(Stored items)
(* Let $z\in\mathbb R^d$ satisfy $\|z\|_2=1$ and $\|z\|_\infty\le\mu/\sqrt d$, and let $M=zz^\top$. There are a polynomial $P$ and absolute constants $c_0,C>0$ such that if $0<\epsilon\le c_0$ and $p\ge P(\mu,\log d)/(d\epsilon^2)$ (with $p\le1$), then with probability $1-o(1)$ as $d\to\infty$ over $\Omega$, every local minimum $x$ of $f(x)=\frac12\|P_\Omega(M-xx^\top)\|_F^2$ that lies in $\mathcal B=\{x\in\mathbb R^d:\|x\|_\infty<2\mu/\sqrt d\}$ satisfies $\min(\|x-z\|_2,\|x+z\|_2)\le C\sqrt\epsilon$.
   Context: The random set $\Omega\subseteq[d]\times[d]$ is generated as follows: independently for each unordered pair $\{i,j\}$ (including $i=j$), with probability $p$ both $(i,j)$ and $(j,i)$ are placed in $\Omega$, otherwise neither. $P_\Omega(A)$ is the matrix agreeing with $A$ on entries in $\Omega$ and zero elsewhere; $\|\cdot\|_F$ is the Frobenius norm. *)

From HB Require Import structures.
From mathcomp Require Import all_boot all_order all_algebra.
From mathcomp Require Import all_classical all_reals all_analysis.
Set Implicit Arguments. Unset Strict Implicit. Unset Printing Implicit Defensive.
Import Order.TTheory GRing.Theory Num.Theory.
Local Open Scope ring_scope.

Section Defs.
Variables (R : realType) (d : nat).

(* index pairs {i,j} encoded by (i,j) with i <= j (diagonal included) *)
Definition upper : {set 'I_d * 'I_d} := [set ij : 'I_d * 'I_d | (nat_of_ord ij.1 <= nat_of_ord ij.2)%N].

(* Omega generated from the set S of selected unordered pairs: both (i,j) and (j,i) *)
Definition omega_of (S : {set 'I_d * 'I_d}) : {set 'I_d * 'I_d} :=
  [set ij : 'I_d * 'I_d | ((ij.1, ij.2) \in S) || ((ij.2, ij.1) \in S)].

(* probability of selecting exactly S, each unordered pair independently w.p. p *)
Definition weight (p : R) (S : {set 'I_d * 'I_d}) : R :=
  \prod_(ij in upper) (if ij \in S then p else 1 - p).

(* probability that the random Omega satisfies the event E *)
Definition prob (p : R) (E : {set 'I_d * 'I_d} -> Prop) : R :=
  \sum_(S : {set 'I_d * 'I_d} | S \subset upper)
     weight p S * (if `[< E S >] then 1 else 0).

Definition P_Omega (Om : {set 'I_d * 'I_d}) (A : 'M[R]_d) : 'M[R]_d :=
  \matrix_(i, j) (if (i, j) \in Om then A i j else 0).

Definition normF (A : 'M[R]_d) : R := Num.sqrt (\sum_i \sum_j (A i j) ^+ 2).

Definition norm2 (x : 'cV[R]_d) : R := Num.sqrt (\sum_i (x i 0) ^+ 2).

Definition normInf (x : 'cV[R]_d) : R := \big[Num.max/0]_i `|x i 0|.

Definition fobj (Om : {set 'I_d * 'I_d}) (M : 'M[R]_d) (x : 'cV[R]_d) : R :=
  2^-1 * (normF (P_Omega Om (M - x *m x^T))) ^+ 2.

Definition local_min (g : 'cV[R]_d -> R) (x : 'cV[R]_d) : Prop :=
  exists r : R, 0 < r /\ forall y, norm2 (y - x) < r -> g x <= g y.

End Defs.

Definition peval2 (R : realType) (P : {poly {poly R}}) (a b : R) : R :=
  (P.[b%:P]).[a].

(* Centering the mask
     at its mean p, the cut form X(s,t) = sum_ij (1[ij in Omega] - p) s_i t_j
     at sign vectors s, t is a sum of independent bounded variables.  A
     Chernoff bound with the Bernoulli moment generating function and a
     union bound over the 4^d sign pairs give |X(s,t)| <= 16 d sqrt(pd) for
     all s, t except with probability 2 4^d e^(-8d).  Choosing signs of row
     and column sums (BilinearDeviation), the same bound controls every
     bilinear deviation sum_ij (1[ij in Omega] - p) u_i w_j, |u|, |w| <= m.
   * Deterministic recovery (QuarticMinimum to GoodEventRecovery).  At a
     local minimum x, the quartic t |-> f(x + t v) is minimal at t = 0, so
     its linear coefficient vanishes (v = x, v = z) and its quadratic one is
     nonnegative (v = z).  Replacing each masked sum by p times the full sum
     up to the concentration error gives inequalities on a = |x|^2 and
     b = <x,z> forcing a + 1 - 2|b| <= eps, i.e. min |x -+ z|^2 <= eps. *)

From HB Require Import structures.
From mathcomp Require Import all_boot all_order all_algebra.
From mathcomp Require Import all_classical all_reals all_analysis.
From mathcomp Require Import ring lra.
Import Order.TTheory GRing.Theory Num.Theory.
Set Implicit Arguments. Unset Strict Implicit. Unset Printing Implicit Defensive.
Local Open Scope ring_scope.

(* Summing a product of independent per-element factors over all subsets of
   U factorizes: this is the independence of the Bernoulli selections. *)
Lemma sum_subsets_prod (T : finType) (R : comNzRingType) (U : {set T})
    (F : T -> bool -> R) :
  \sum_(S : {set T} | S \subset U) \prod_(e in U) F e (e \in S) =
  \prod_(e in U) (F e true + F e false).
Proof.
pose G e b := if e \in U then F e b else (if b then 0 else 1 : R).
have -> : \prod_(e in U) (F e true + F e false) = \prod_e \sum_(b : bool) G e b.
  rewrite big_mkcond /=; apply: eq_bigr => e _.
  by rewrite big_bool /G; case: (e \in U) => //=; rewrite add0r.
rewrite bigA_distr_bigA /=.
rewrite (reindex (fun S : {set T} => [ffun e => e \in S])) /=; last first.
  exists (fun f : {ffun T -> bool} => [set e | f e]) => [S _|f _].
    by apply/setP => e; rewrite inE ffunE.
  by apply/ffunP => e; rewrite ffunE inE.
rewrite [RHS](bigID (fun S : {set T} => S \subset U)) /=.
rewrite [X in _ = _ + X]big1 ?addr0; last first.
  move=> S /subsetPn [e eS eU].
  by rewrite (bigD1 e) //= ffunE /G (negbTE eU) eS mul0r.
apply: eq_bigr => S SU.
rewrite [LHS]big_mkcond /=; apply: eq_bigr => e _.
rewrite ffunE /G; case eU: (e \in U) => //.
by case eS: (e \in S) => //; move/fintype.subsetP: SU => /(_ e eS); rewrite eU.
Qed.

Section MomentGenerating.
Variable R : realType.

Lemma expR_sub_linear_le (y : R) : `|y| <= 1/2 -> expR y - 1 - y <= 2 * y ^+ 2.
Proof.
rewrite ler_norml => /andP [yl yr].
have hpos : 0 < 1 - y by lra.
have expN_ge : 1 - y <= expR (- y) by have := expR_ge1Dx (- y); rewrite addrC.
have exp_le_inv : expR y <= (1 - y)^-1.
  by rewrite -[expR y]invrK -expRN lef_pV2 // posrE ?expR_gt0.
have inv_le : (1 - y)^-1 <= 1 + y + 2 * y ^+ 2.
  have hq : 1 <= (1 - y) * (1 + y + 2 * y ^+ 2) by nra.
  by rewrite -div1r ler_pdivrMr // mulrC.
lra.
Qed.

Lemma bernoulli_mgf_le (p y : R) : 0 <= p -> p <= 1 -> `|y| <= 1/2 ->
  p * expR (y * (1 - p)) + (1 - p) * expR (- (y * p)) <= expR (2 * p * y ^+ 2).
Proof.
move=> p0 p1 hy.
have -> : p * expR (y * (1 - p)) + (1 - p) * expR (- (y * p)) =
          expR (- (y * p)) * (1 + p * (expR y - 1)).
  by rewrite mulrBr mulr1 expRD; ring.
apply: (le_trans (y := expR (- (y * p)) * expR (p * (expR y - 1)))).
  by rewrite ler_wpM2l ?expR_ge0 // expR_ge1Dx.
rewrite -expRD ler_expR.
have := expR_sub_linear_le hy; nra.
Qed.

Lemma centered_sum_mgf_le (T : finType) (U : {set T}) (c : T -> R) (th p : R) :
  0 <= p -> p <= 1 -> (forall e, `|th * c e| <= 1/2) ->
  \sum_(S : {set T} | S \subset U)
     (\prod_(e in U) (if e \in S then p else 1 - p)) *
     expR (th * \sum_(e in U) c e * ((e \in S)%:R - p))
  <= expR (2 * p * \sum_(e in U) (th * c e) ^+ 2).
Proof.
move=> p0 p1 hc.
under eq_bigr => S _.
  rewrite mulr_sumr expR_sum -big_split /=.
  under eq_bigr => e _ do rewrite mulrA.
over.
rewrite (sum_subsets_prod U
  (fun e b => (if b then p else 1 - p) * expR (th * c e * (b%:R - p)))).
rewrite mulr_sumr expR_sum; apply: ler_prod => e _.
rewrite addr_ge0 ?mulr_ge0 ?expR_ge0 ?subr_ge0 //=.
by have := bernoulli_mgf_le p0 p1 (hc e); rewrite sub0r mulrN.
Qed.

End MomentGenerating.

Section CutForm.
Variables (R : realType) (d : nat).
Local Notation pairs := {set 'I_d * 'I_d}.
Local Notation signs := {ffun 'I_d -> bool}.

Lemma sum_pairs_upper (G : 'I_d -> 'I_d -> R) :
  \sum_i \sum_j G i j =
  \sum_(e in upper d) (G e.1 e.2 + (e.1 != e.2)%:R * G e.2 e.1).
Proof.
rewrite pair_bigA /= (bigID (fun e : 'I_d * 'I_d => (e.1 <= e.2)%N)) /=.
rewrite big_split /=; congr (_ + _).
  by apply: eq_bigl => e; rewrite /upper inE.
rewrite (reindex (fun e : 'I_d * 'I_d => (e.2, e.1))) /=; last first.
  by exists (fun e : 'I_d * 'I_d => (e.2, e.1)) => [[a b]|[a b]].
rewrite [RHS]big_mkcond [LHS]big_mkcond /=; apply: eq_bigr => e _.
rewrite /upper inE -ltnNge ltn_neqAle.
case: (e.1 <= e.2)%N; rewrite ?andbF ?andbT //=.
by case: (nat_of_ord e.1 != e.2) => /=; rewrite ?mul1r ?mul0r.
Qed.

(* The sign vectors are encoded as boolean functions. *)
Definition sgn (b : bool) : R := if b then 1 else -1.

Definition omega_ind (S : pairs) (i j : 'I_d) : R := ((i, j) \in omega_of S)%:R.

Definition cut_form (p : R) (S : pairs) (s t : signs) : R :=
  \sum_i \sum_j (omega_ind S i j - p) * (sgn (s i) * sgn (t j)).

Definition cut_coef (s t : signs) (e : 'I_d * 'I_d) : R :=
  sgn (s e.1) * sgn (t e.2) + (e.1 != e.2)%:R * (sgn (s e.2) * sgn (t e.1)).

Lemma omega_ind_sym (S : pairs) i j : omega_ind S i j = omega_ind S j i.
Proof. by rewrite /omega_ind /omega_of !inE orbC. Qed.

#### DIRECTIONS FOR THIS TASK
In the data above, start at the line that has "rewrite addr_ge0 ?mulr_ge0", stop after the line that has "Local Notation signs", and print every line in between exactly as it stands.

#### OUTPUT BELOW
rewrite addr_ge0 ?mulr_ge0 ?expR_ge0 ?subr_ge0 //=.
by have := bernoulli_mgf_le p0 p1 (hc e); rewrite sub0r mulrN.
Qed.

End MomentGenerating.

Section CutForm.
Variables (R : realType) (d : nat).
Local Notation pairs := {set 'I_d * 'I_d}.
Local Notation signs := {ffun 'I_d -> bool}.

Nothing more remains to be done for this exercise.